Lemma Cx_qform_bound v : 0 < qform v (rho0 eta rho) ->
  eta x * qform v (rho x) <= c * qform v (rho0 eta rho).
Proof.
move=> qR0_gt0; have v_neq0 : v != 0.
  by apply: contraTneq qR0_gt0 => ->; rewrite /qform !mul0mx mxE ltxx.
have nv_gt0 : 0 < dotmx v v by rewrite dnorm_gt0.
pose F := (dotmx v v)^-1 *: (v^t* *m v).
have psdF : is_psd F by apply: psdZ (psd_gram v); rewrite invr_ge0 ltW.
have trF k : \tr (rho k *m F) = (dotmx v v)^-1 * qform v (rho k).
  by rewrite -scalemxAr mxtraceZ mxtrace_mul_rank1.
have trR0F : \tr (rho0 eta rho *m F) = (dotmx v v)^-1 * qform v (rho0 eta rho).
  by rewrite -scalemxAr mxtraceZ mxtrace_mul_rank1.
have := Cx.2 _ _ (measurement_binary psdF (psd_1_sub_rank1 v_neq0)).
rewrite /ratio_x eqxx trF trR0F mulr_gt0 ?invr_gt0 // => /(_ isT).
set k := (dotmx v v)^-1; set q := qform v (rho0 eta rho).
have -> : eta x * (k * qform v (rho x)) / (k * q) = eta x * qform v (rho x) / q.
  by field; rewrite !gt_eqF ?invr_gt0.
by rewrite ler_pdivrMr.
Qed.

Lemma Dx_psd : is_psd (Dx eta rho x c).
Proof.
apply/is_psdE; split; first exact: Dx_herm.
move=> v; rewrite qformB !qformZ subr_ge0.
have [qR0_0 | qR0_neq0] := eqVneq (qform v (rho0 eta rho)) 0.
  by rewrite qR0_0 mulr0 -qR0_0 eta_qform_le_rho0.
apply: Cx_qform_bound.
by rewrite lt_def qR0_neq0 (le_trans (eta_qform_ge0 x v) (eta_qform_le_rho0 v)).
Qed.

End Ensemble.

Theorem lemma2 (C : numClosedFieldType) (d n : nat)
  (eta : 'I_n -> C) (rho : 'I_n -> 'M[C]_d) (x : 'I_n) (c : C)
  (Pi Piperp : 'M[C]_d) :
  ensemble eta rho ->
  is_Cx eta rho x c ->
  supp_proj (Dx eta rho x c) Pi ->
  ker_proj (Dx eta rho x c) Piperp ->
  (forall E : 'M[C]_d, Mset eta rho x c E <-> (is_psd E /\ E *m Pi = 0)) /\
  (forall E : 'M[C]_d,
     Mstar eta rho x c E <-> (is_herm E /\ is_psd (Piperp *m E *m Piperp))).
Proof.
move=> ens Cx Pi_supp Pp_ker.
have psdD := Dx_psd ens Cx; have D_herm := psd_herm psdD.
have Mset_supp E : Mset eta rho x c E <-> (is_psd E /\ E *m Pi = 0).
  by split=> -[psdE]; move/(psd_mxtrace_eq0_supp_proj D_herm Pi_supp psdD psdE).
split=> // E; split=> -[E_herm].
  move=> Mstar_E; split=> //.
  apply/(ker_proj_compression_psdP D_herm Pi_supp Pp_ker E_herm) => F psdF FPi0.
  by apply/Mstar_E/Mset_supp.
move/(ker_proj_compression_psdP D_herm Pi_supp Pp_ker E_herm) => trEF_ge0.
by split=> // F /Mset_supp[]; apply: trEF_ge0.
Qed.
* * *
Work to be completed -> The complete data above is to be written out again as it stands.

Reply ->
Lemma Cx_qform_bound v : 0 < qform v (rho0 eta rho) ->
  eta x * qform v (rho x) <= c * qform v (rho0 eta rho).
Proof.
move=> qR0_gt0; have v_neq0 : v != 0.
  by apply: contraTneq qR0_gt0 => ->; rewrite /qform !mul0mx mxE ltxx.
have nv_gt0 : 0 < dotmx v v by rewrite dnorm_gt0.
pose F := (dotmx v v)^-1 *: (v^t* *m v).
have psdF : is_psd F by apply: psdZ (psd_gram v); rewrite invr_ge0 ltW.
have trF k : \tr (rho k *m F) = (dotmx v v)^-1 * qform v (rho k).
  by rewrite -scalemxAr mxtraceZ mxtrace_mul_rank1.
have trR0F : \tr (rho0 eta rho *m F) = (dotmx v v)^-1 * qform v (rho0 eta rho).
  by rewrite -scalemxAr mxtraceZ mxtrace_mul_rank1.
have := Cx.2 _ _ (measurement_binary psdF (psd_1_sub_rank1 v_neq0)).
rewrite /ratio_x eqxx trF trR0F mulr_gt0 ?invr_gt0 // => /(_ isT).
set k := (dotmx v v)^-1; set q := qform v (rho0 eta rho).
have -> : eta x * (k * qform v (rho x)) / (k * q) = eta x * qform v (rho x) / q.
  by field; rewrite !gt_eqF ?invr_gt0.
by rewrite ler_pdivrMr.
Qed.

Lemma Dx_psd : is_psd (Dx eta rho x c).
Proof.
apply/is_psdE; split; first exact: Dx_herm.
move=> v; rewrite qformB !qformZ subr_ge0.
have [qR0_0 | qR0_neq0] := eqVneq (qform v (rho0 eta rho)) 0.
  by rewrite qR0_0 mulr0 -qR0_0 eta_qform_le_rho0.
apply: Cx_qform_bound.
by rewrite lt_def qR0_neq0 (le_trans (eta_qform_ge0 x v) (eta_qform_le_rho0 v)).
Qed.

End Ensemble.

Theorem lemma2 (C : numClosedFieldType) (d n : nat)
  (eta : 'I_n -> C) (rho : 'I_n -> 'M[C]_d) (x : 'I_n) (c : C)
  (Pi Piperp : 'M[C]_d) :
  ensemble eta rho ->
  is_Cx eta rho x c ->
  supp_proj (Dx eta rho x c) Pi ->
  ker_proj (Dx eta rho x c) Piperp ->
  (forall E : 'M[C]_d, Mset eta rho x c E <-> (is_psd E /\ E *m Pi = 0)) /\
  (forall E : 'M[C]_d,
     Mstar eta rho x c E <-> (is_herm E /\ is_psd (Piperp *m E *m Piperp))).
Proof.
move=> ens Cx Pi_supp Pp_ker.
have psdD := Dx_psd ens Cx; have D_herm := psd_herm psdD.
have Mset_supp E : Mset eta rho x c E <-> (is_psd E /\ E *m Pi = 0).
  by split=> -[psdE]; move/(psd_mxtrace_eq0_supp_proj D_herm Pi_supp psdD psdE).
split=> // E; split=> -[E_herm].
  move=> Mstar_E; split=> //.
  apply/(ker_proj_compression_psdP D_herm Pi_supp Pp_ker E_herm) => F psdF FPi0.
  by apply/Mstar_E/Mset_supp.
move/(ker_proj_compression_psdP D_herm Pi_supp Pp_ker E_herm) => trEF_ge0.
by split=> // F /Mset_supp[]; apply: trEF_ge0.
Qed.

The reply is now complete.